6. Independent security research is being litigated into silence
Software companies are increasingly suing on slander and libel grounds when researchers point out their security vulnerabilities, which can often hurt sales. This issue often comes into the forefront when vendors and researchers don’t see eye to eye on the grounds of vulnerability disclosure. With vendors wishing that issues be disclosed prior to a solution being implemented, and researchers publicly posting a vulnerability in order to force a vendor’s hand to create a patch, legal battles are bound to ensue. To keep security up to par, vendors and researchers will need to work together to patch and report vulnerabilities quickly in order to minimize the damages and keep consumers safe.
7. Insurance is less attainable
Cyber insurance is designed to address unforeseen damages to a company, such as hackers and viruses. However, in light of high cost attacks and their growing frequency, insurance companies are raising premiums and deductibles. This often makes the cost of insurance unaffordable to some companies, especially those that are deemed “high risk.” Many insurers are limiting their policies to $100 million. To put that into perspective, Target’s data breach in 2013 ramped up over $260 million in costs. Data loss prevention, virus and hacker protection are becoming far more important, as a result — especially for companies who opt to forgo their premiums and go without cyber insurance entirely, or on a plan that offers less coverage than they need.
8. Relying on bureaucracy
Government agencies are getting proactive cybersecurity regulations. While mandated cybersecurity defenses, like having physical, technological, and administrative protections to reduce data breaches and hacks can create a foundation for cybersecurity, businesses must be careful not to rely on this foundation entirely. Cyber attackers don’t answer to regulations or play by any of the same rules, so businesses must go above and beyond minimum regulations to cover all of their vulnerabilities and keep threats at bay.
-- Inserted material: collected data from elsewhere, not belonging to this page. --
Lemma cycle_adj_irr n : irreflexive (cycle_adj n).
Proof. by move=> i; rewrite /cycle_adj eqxx. Qed.

Lemma deg_cycle_adj n v : deg (cycle_adj n) v <= 3.
Proof.
apply: (card_ord_le_size (s := [:: v.+1 %% n; v.-1; n.-1])) => u.
rewrite inE /cycle_adj !inE => /andP[_ /orP[/eqP -> | /eqP u_eq]]; first by rewrite eqxx.
have := ltn_ord u; case: (ltnP u.+1 n) => [lt_un _ | le_nu lt_un].
  move: u_eq; rewrite modn_small // => u_eq.
  by rewrite [_ == v.-1](_ : _ = true) ?orbT //; apply/eqP; lia.
by rewrite [_ == n.-1](_ : _ = true) ?orbT //; apply/eqP; lia.
Qed.

Theorem M2_claw_sphere (R : realType) (V : finType) (adj : rel V) (m : nat) :
  symmetric adj -> irreflexive adj -> (forall v, deg adj v <= 3) -> #|V| * 2 = m.+1 ->
  homotopy_equivalent R (realization R (M2 (claw_adj adj))) (sphere R m).
Proof.
move=> adj_sym adj_irr deg_le3 card_V; rewrite M2_claw //.
by apply: tri_boundary_join_sphere; rewrite ?card_prod ?card_ord //; apply: claw_edge_inj.
Qed.

Theorem mainTheorem11 (R : realType) (n : nat) (hn : 3 <= n) :
  homotopy_equivalent R
    (realization R (M2 (claw_adj (path_adj (n - 1)))))
    (sphere R (2 * n - 1))
  /\
  homotopy_equivalent R
    (realization R (M2 (claw_adj (cycle_adj n))))
    (sphere R (2 * n - 1)).
Proof.
split; apply: M2_claw_sphere.
- exact: path_adj_sym.
- exact: path_adj_irr.
- exact: deg_path_adj.
- by rewrite card_ord; lia.
- exact: cycle_adj_sym.
- exact: cycle_adj_irr.
- exact: deg_cycle_adj.
- by rewrite card_ord; lia.
Qed.
(* Let $G$ be a finitely generated group hyperbolic relative to a finite collection $\mathcal P=\{P_\lambda\}_{\lambda\in\Lambda}$, $S$ a finite generating set, and $n\ge1$. Then the $G$-action on the $n$-Rips complex $\Gamma_n^\blacktriangle$ is cocompact, i.e. there are finitely many $G$-orbits of simplices.
   Context: Let $\Gamma$ be the Cayley graph of $G$ with respect to $S$, $V=G$, $W$ the set of cosets $gP_\lambda$. Relative hyperbolicity means the coned-off Cayley graph (vertex set $V\cup W$, edges of $\Gamma$ plus an edge $(v,w)$ whenever $v\in w$) is fine (for every edge $e$ and integer $m$, finitely many circuits of length $\le m$ contain $e$) and $\delta$-hyperbolic. Extend $|\cdot,\cdot|_S$ to $V\cup W$ via distances in $\Gamma$ between the corresponding elements/cosets. $\Gamma_n$ has vertex set $V\cup W$ and an edge between $u\ne u'$ whenever $|u,u'|_S\le n$; $\Gamma_n^\blacktriangle$ is obtained by spanning simplices on all cliques of $\Gamma_n$. *)

From mathcomp Require Import all_boot.
From Stdlib Require List.

Set Implicit Arguments.
Unset Strict Implicit.
Unset Printing Implicit Defensive.

Section RelHyp.

Context {G : Type} (mul : G -> G -> G) (one : G) (inv : G -> G).

Record is_group : Prop := IsGroup {
  mulA : forall x y z, mul x (mul y z) = mul (mul x y) z;
  mul1g : forall x, mul one x = x;
  mulg1 : forall x, mul x one = x;
  mulVg : forall x, mul (inv x) x = one;
  mulgV : forall x, mul x (inv x) = one }.

Definition is_subgroup (H : G -> Prop) : Prop :=
  H one /\ (forall x y, H x -> H y -> H (mul x y)) /\ (forall x, H x -> H (inv x)).

Definition word_prod (l : seq G) : G := foldr mul one l.
Definition is_S_word (S : seq G) (l : seq G) : Prop :=
  forall x, List.In x l -> List.In x S \/ List.In (inv x) S.

Definition generates (S : seq G) : Prop :=
  forall g, exists l, is_S_word S l /\ g = word_prod l.

Definition Sdist_le (S : seq G) (n : nat) (a b : G) : Prop :=
  exists l, is_S_word S l /\ (size l <= n)%N /\ b = mul a (word_prod l).

Definition lcoset (g : G) (H : G -> Prop) : G -> Prop := fun x => H (mul (inv g) x).

Context {Lam : finType} (P : Lam -> G -> Prop).

(* Vertices: V = G (left) and W = cosets g P_lam (right, tagged with lam). *)
Definition Vertex := (G + (Lam * (G -> Prop)))%type.

Definition is_vertex (v : Vertex) : Prop :=
  match v with
  | inl _ => True
  | inr (lam, A) => exists g, A = lcoset g (P lam)
  end.

Definition carrier (v : Vertex) : G -> Prop :=
  match v with
  | inl g => fun x => x = g
  | inr (_, A) => A
  end.

Definition coned_adj (S : seq G) (u v : Vertex) : Prop :=
  is_vertex u /\ is_vertex v /\
  match u, v with
  | inl g, inl h => g <> h /\ exists s, List.In s S /\ (h = mul g s \/ g = mul h s)
  | inl g, inr (_, A) => A g
  | inr (_, A), inl g => A g
  | _, _ => False
  end.

Definition rips_adj (S : seq G) (n : nat) (u v : Vertex) : Prop :=
  is_vertex u /\ is_vertex v /\ u <> v /\
  exists a b, carrier u a /\ carrier v b /\ Sdist_le S n a b.

Definition is_simplex (S : seq G) (n : nat) (sigma : Vertex -> Prop) : Prop :=
  (exists l : seq Vertex, forall x, sigma x <-> List.In x l) /\
  (exists x, sigma x) /\
  (forall u, sigma u -> is_vertex u) /\
  (forall u v, sigma u -> sigma v -> u <> v -> rips_adj S n u v).

Definition act (g : G) (v : Vertex) : Vertex :=
  match v with
  | inl h => inl (mul g h)
  | inr (lam, A) => inr (lam, fun x => A (mul (inv g) x))
  end.

Definition act_set (g : G) (sigma : Vertex -> Prop) : Vertex -> Prop :=
  fun v => exists w, sigma w /\ v = act g w.

End RelHyp.

Section Graphs.
Context {T : Type} (adj : T -> T -> Prop).

Definition cyc_edges (c : seq T) : seq (T * T) := zip c (rot 1 c).

Definition is_circuit (c : seq T) : Prop :=
  (3 <= size c)%N /\ List.NoDup c /\ List.Forall (fun p => adj p.1 p.2) (cyc_edges c).

Definition edge_in_circuit (u v : T) (c : seq T) : Prop :=
  List.In (u, v) (cyc_edges c) \/ List.In (v, u) (cyc_edges c).

Definition fine : Prop :=
  forall u v, adj u v -> forall m : nat,
    exists L : seq (seq T), forall c, is_circuit c -> (size c <= m)%N ->
      edge_in_circuit u v c -> List.In c L.

Definition is_walk (u v : T) (p : seq T) : Prop :=
  List.Forall (fun e => adj e.1 e.2) (zip (u :: p) p) /\ last u p = v.

Definition gdist (u v : T) (k : nat) : Prop :=
  (exists p, is_walk u v p /\ size p = k) /\ (forall p, is_walk u v p -> (k <= size p)%N).

Definition hyperbolic (delta : nat) : Prop :=
  forall x y z w dxy dzw dxz dyw dxw dyz,
    gdist x y dxy -> gdist z w dzw -> gdist x z dxz -> gdist y w dyw ->
    gdist x w dxw -> gdist y z dyz ->
    (dxy + dzw <= maxn (dxz + dyw) (dxw + dyz) + 2 * delta)%N.

End Graphs.

Definition rel_hyperbolic {G : Type} (mul : G -> G -> G) (inv : G -> G)
  {Lam : finType} (P : Lam -> G -> Prop) (S : seq G) : Prop :=
  fine (coned_adj mul inv P S) /\ exists delta, hyperbolic (coned_adj mul inv P S) delta.

From Pilot Require Import Defs.
From mathcomp Require Import all_boot.
From Stdlib Require List.
From Stdlib Require Import Classical FunctionalExtensionality PropExtensionality Lia.
From mathcomp Require Import zify.

Set Implicit Arguments.
Unset Strict Implicit.
Unset Printing Implicit Defensive.

(* A simplex containing a
   group vertex [a] is moved by [a^-1] into the [n]-ball around [1].  Otherwise
   all its vertices are cosets; fix one, [b1], and a point [a ∈ b1] that is
   [n]-close to another vertex [b2].  For any vertex [v ≠ b1], some [c1 ∈ v] is
   [n]-close to some [p1 ∈ b1], and [a -> b2 -> v -> c1 -> p1] is a walk of
   length at most [3n+4] avoiding [b1].  Closed through [b1] and translated by
   [a^-1], it contains a circuit of length at most [3n+6] through the edge
   [(P_λ, 1)] and the vertex [a^-1 p1].  Fineness leaves finitely many such
   circuits, so [a^-1 c1] ranges over a finite set, and every simplex is a
   translate of a subset of one finite set of vertices. *)

Section Walks.
Context {T : Type} (adj : T -> T -> Prop).

Fixpoint walk (x : T) (p : seq T) : Prop :=
  if p is y :: q then adj x y /\ walk y q else True.

Definition reach_in (Q : T -> Prop) (x y : T) (k : nat) : Prop :=
  exists p, walk x p /\ last x p = y /\ (size p <= k)%N /\ List.Forall Q (x :: p).

Lemma walk_cat x p1 p2 : walk x p1 -> walk (last x p1) p2 -> walk x (p1 ++ p2).
Proof. by elim: p1 x => [|y q IH] x //= [axy wq] w2; split => //; apply: IH. Qed.

Lemma walk_suffix x p1 y p2 :
  walk x (p1 ++ y :: p2) -> walk y p2 /\ last x (p1 ++ y :: p2) = last y p2.
Proof. by elim: p1 x => [|z q IH] x /= [_ w]; last apply: IH. Qed.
9. Privacy vs law enforcement agencies
New companies with market-disruptive new products or services will trigger more government reaction being seen as information security threats. With governments getting more involved with tech companies, bigger issues can arise. Apple recently fought against the FBI to create a backdoor to their OS, which Apple argued would allow hackers to break into iPhones. In order to keep technology secure, businesses will have to take a stance and get more involved in policies to protect their rights and the balance between law enforcement needs vs rights to privacy.
10. Internal personnel
However, despite all the above, the biggest risk among information security threats remains people, particularly internal employees and partners not following IT policies. No matter how robust a system, one person can compromise it. Eric Snowden and the NSA leak incident are a clear example of this. Your employees can create information security threats, both intentional and unintentional. To limit these threats, you’ll need to set technological safeguards, such as cloud backup for data to thwart accidental and purposeful data loss, employee training to limit physical and technological security vulnerabilities, and more.
Threats to information security can live both inside and outside your organization. By following the tips above and securing against these 10 information security threats, you can keep your business data protected and limit repercussions.